Chloe Jackson, Canine Behaviourist and Training Manager at Battersea recommends working on your dog’s recall command before you go away so you have additional peace of mind that they will respond when you call.

“Once your dog has learned to come back to you in familiar environments, it’s a good idea to practice it on a long lead in different, safe environments in your local area so that they know to focus on coming back when called, whatever situation they are in,” Jackson said.

If you plan to let your dog off the leash, be sure to brush up on their recall training
  • Keep to a routine

Your dog might be used to having a routine at home, including feeding and walking times. It is recommended to maintain this routine to make them feel as comfortable as possible on holiday, and keeping up their walks makes for a happy, healthy hound in any case!

Be sure that you take enough of your dog’s regular food in case you can’t find it nearby. If you run out of dog food then remember that it’s always best to introduce new foods gradually over a period of days to avoid stomach upsets. A holiday isn’t the best time to start a new food as it may upset your dog’s stomach while on the road or in a new place.

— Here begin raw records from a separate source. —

Lemma diff_rec m :
  INR (S m) * (s m - s (S m))
  = s O / INR (S (S m)) - sum_lt (fun j => (s j - s (S j)) / INR (S (m - j))) m.
Proof.
  assert (Hm := s_rec m). assert (Hsm := s_rec (S m)).
  rewrite sum_lt_succ_l, Nat.sub_0_r in Hsm.
  assert (Htel := sum_lt_telescope s m).
  assert (Hsplit : sum_lt (fun j => s j - s (S j)) m
    = sum_lt (fun l => (1 - / INR (S (m - l))) * s l) m
      - sum_lt (fun j => (1 - / INR (S (S m - S j))) * s (S j)) m
      + sum_lt (fun j => (s j - s (S j)) / INR (S (m - j))) m).
  { rewrite <- sum_lt_minus, <- sum_lt_plus. apply sum_lt_ext. intros j _.
    simpl (S m - S j)%nat. unfold Rdiv. ring. }
  rewrite S_INR in *. unfold Rdiv. lra.
Qed.

(* With X, Y the sums in [diff_rec] for m and m+1, the comparison
   [inv_succ_shift_le] gives (m+3) Y <= (m+2) X, which leaves
   (m+3)(m+2) d_{m+1} >= ((m+2)(m+1) - (m+3)/2) d_m. *)
Lemma diff_pos m : 0 < s m - s (S m).
Proof.
  induction m as [m IH] using lt_wf_ind. destruct m as [|m].
  - assert (E := diff_rec 0). simpl in E.
    assert (0 < s O * / (1 + 1)) by (apply Rmult_lt_0_compat; lra). lra.
  - set (d := fun j => s j - s (S j)).
    set (X := sum_lt (fun j => d j / INR (S (m - j))) m).
    set (Y := sum_lt (fun j => d j / INR (S (S m - j))) m).
    assert (E0 : INR (S m) * d m = s O / INR (S (S m)) - X) by apply diff_rec.
    assert (E1 : INR (S (S m)) * d (S m) = s O / INR (S (S (S m))) - (Y + d m / 2)).
    { rewrite diff_rec, sum_lt_succ. replace (S m - m)%nat with 1%nat by lia. reflexivity. }
    assert (HXY : (INR m + 3) * Y <= (INR m + 2) * X).
    { unfold X, Y. rewrite <- !sum_lt_scal. apply sum_lt_le. intros j Hj.
      replace (S m - j)%nat with (S (m - j)) by lia.
      assert (Hd : 0 < d j) by (apply IH; lia).
      assert (Hk := inv_succ_shift_le m (m - j) ltac:(lia)).
      unfold Rdiv in *. nra. }
    assert (Hd : 0 < d m) by (apply IH; lia).
    assert (HM := pos_INR m). repeat rewrite S_INR in E0. repeat rewrite S_INR in E1.
    assert (K1 : (INR m + 3) * ((INR m + 2) * d (S m))
                 = s O - (INR m + 3) * Y - (INR m + 3) * d m / 2).
    { replace (INR m + 2) with (INR m + 1 + 1) by ring. rewrite E1. field. lra. }
    assert (K0 : (INR m + 2) * ((INR m + 1) * d m) = s O - (INR m + 2) * X).
    { rewrite E0. field. lra. }
    assert (0 < ((INR m + 2) * (INR m + 1) - (INR m + 3) / 2) * d m) by nra.
    assert (Hpos : 0 < (INR m + 3) * ((INR m + 2) * d (S m))) by nra.
    change (0 < d (S m)).
    apply (Rmult_lt_reg_l ((INR m + 3) * (INR m + 2))); [nra|].
    rewrite Rmult_0_r, Rmult_assoc. exact Hpos.
Qed.

End DifferencesPositive.

Lemma e_term_logpow_coef k i : e_term k i = (-1) ^ k * logpow_coef (S i) (k + S i).
Proof.
  unfold e_term, logpow_coef. rewrite !pow_add.
  replace ((-1) ^ k * ((-1) ^ k * (-1) ^ S i * (-1) ^ S i
             * IZR (stirling1 (k + S i) (S i)) / INR (fact (k + S i))))
    with ((-1) ^ k * (-1) ^ k * ((-1) ^ S i * (-1) ^ S i)
          * (IZR (stirling1 (k + S i) (S i)) / INR (fact (k + S i))))
    by (unfold Rdiv; ring).
  rewrite !pow_neg1_mul_self. ring.
Qed.

Lemma f_coef_stir_sum k : (1 <= k)%nat -> f_coef k = exp (-1) * stir_sum k.
Proof.
  intros Hk. destruct k as [|k]; [lia|].
  assert (Hser : infinite_sum (e_term (S k)) ((-1) ^ S k * stir_sum (S k))).
  { apply is_series_Reals.
    apply (is_series_ext (fun i => (-1) ^ S k * logpow_coef (S i) (S k + S i))).
    - intros i. symmetry. apply e_term_logpow_coef.
    - apply is_series_mult_l, (is_series_incr_1 (fun i => logpow_coef i (S k + i))).
      rewrite Nat.add_0_r, logpow_coef_0_succ.
      change (plus (stir_sum (S k)) 0) with (stir_sum (S k) + 0).
      rewrite Rplus_0_r. apply is_series_stir_sum. }
  unfold f_coef, e_coef.
  rewrite (uniqueness_sum _ _ _ (epsilon_spec (inhabits 0)
    (fun l => infinite_sum (e_term (S k)) l) (ex_intro _ _ Hser)) Hser).
  replace ((-1) ^ S k * (exp (-1) * ((-1) ^ S k * stir_sum (S k))))
    with ((-1) ^ S k * (-1) ^ S k * (exp (-1) * stir_sum (S k))) by ring.
  rewrite pow_neg1_mul_self. ring.
Qed.

Theorem mainTheorem1 : forall n : nat, (1 <= n)%nat -> f_coef (S n) < f_coef n.
Proof.
  intros n Hn. rewrite !f_coef_stir_sum by lia.
  apply Rmult_lt_compat_l; [apply exp_pos|].
  assert (Hs0 : 0 < stir_sum 0) by (rewrite stir_sum_0; apply exp_pos).
  assert (Hd := diff_pos stir_sum Hs0 stir_sum_rec n).
  lra.
Qed.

To help with familiarity, it is also a good idea to take your dog’s favorite bed, blanket and toys. The more things they have from home, the more likely they are to settle.

  • Don’t leave dogs alone in a strange new place

Do not leave dogs alone in your holiday home. While many cottages are likely to have this rule in place anyway, it is advisable to always have a human nearby, as the new environment and strange surroundings may make your pet feel anxious and uneasy.

  • Help your dog relax

Many of us go on holidays to relax and traveling to an unfamiliar place with your dog could be a little unsettling which is why it helps to help them relax too. You can treat your dog to a massage and some relaxing music and be sure to give them lots of attention.

  • Do research on local vets

It’s always a good idea to know ahead of time where the closest vet to you is in case of an emergency. Having pet insurance and have your dog microchipped are also good ideas to consider when taking your dog traveling.

  • Accommodation research

Be sure to look into local dog friendly attractions, stores, cafes and restaurants ahead of time. If you’re going on the coast, it’s also a good idea to see which beaches are dog friendly during the time you plan to visit. Luckily, more holiday places in the UK are becoming pet friendly.

  • Make a list

Remember to make a list of everything you might need during the trip. This includes toys, blankets, and any possible medication your pet might need. In case you did forget your dog’s medication, you can call up your vet and have them speak to your local vet so they can possibly prescribe emergency medication, if needed.

Make a list to be sure you have everything you need for the adventure (image: Photo by Zen Chung from Pexels)

Above all, remember to have fun during this memorable adventure with your dog.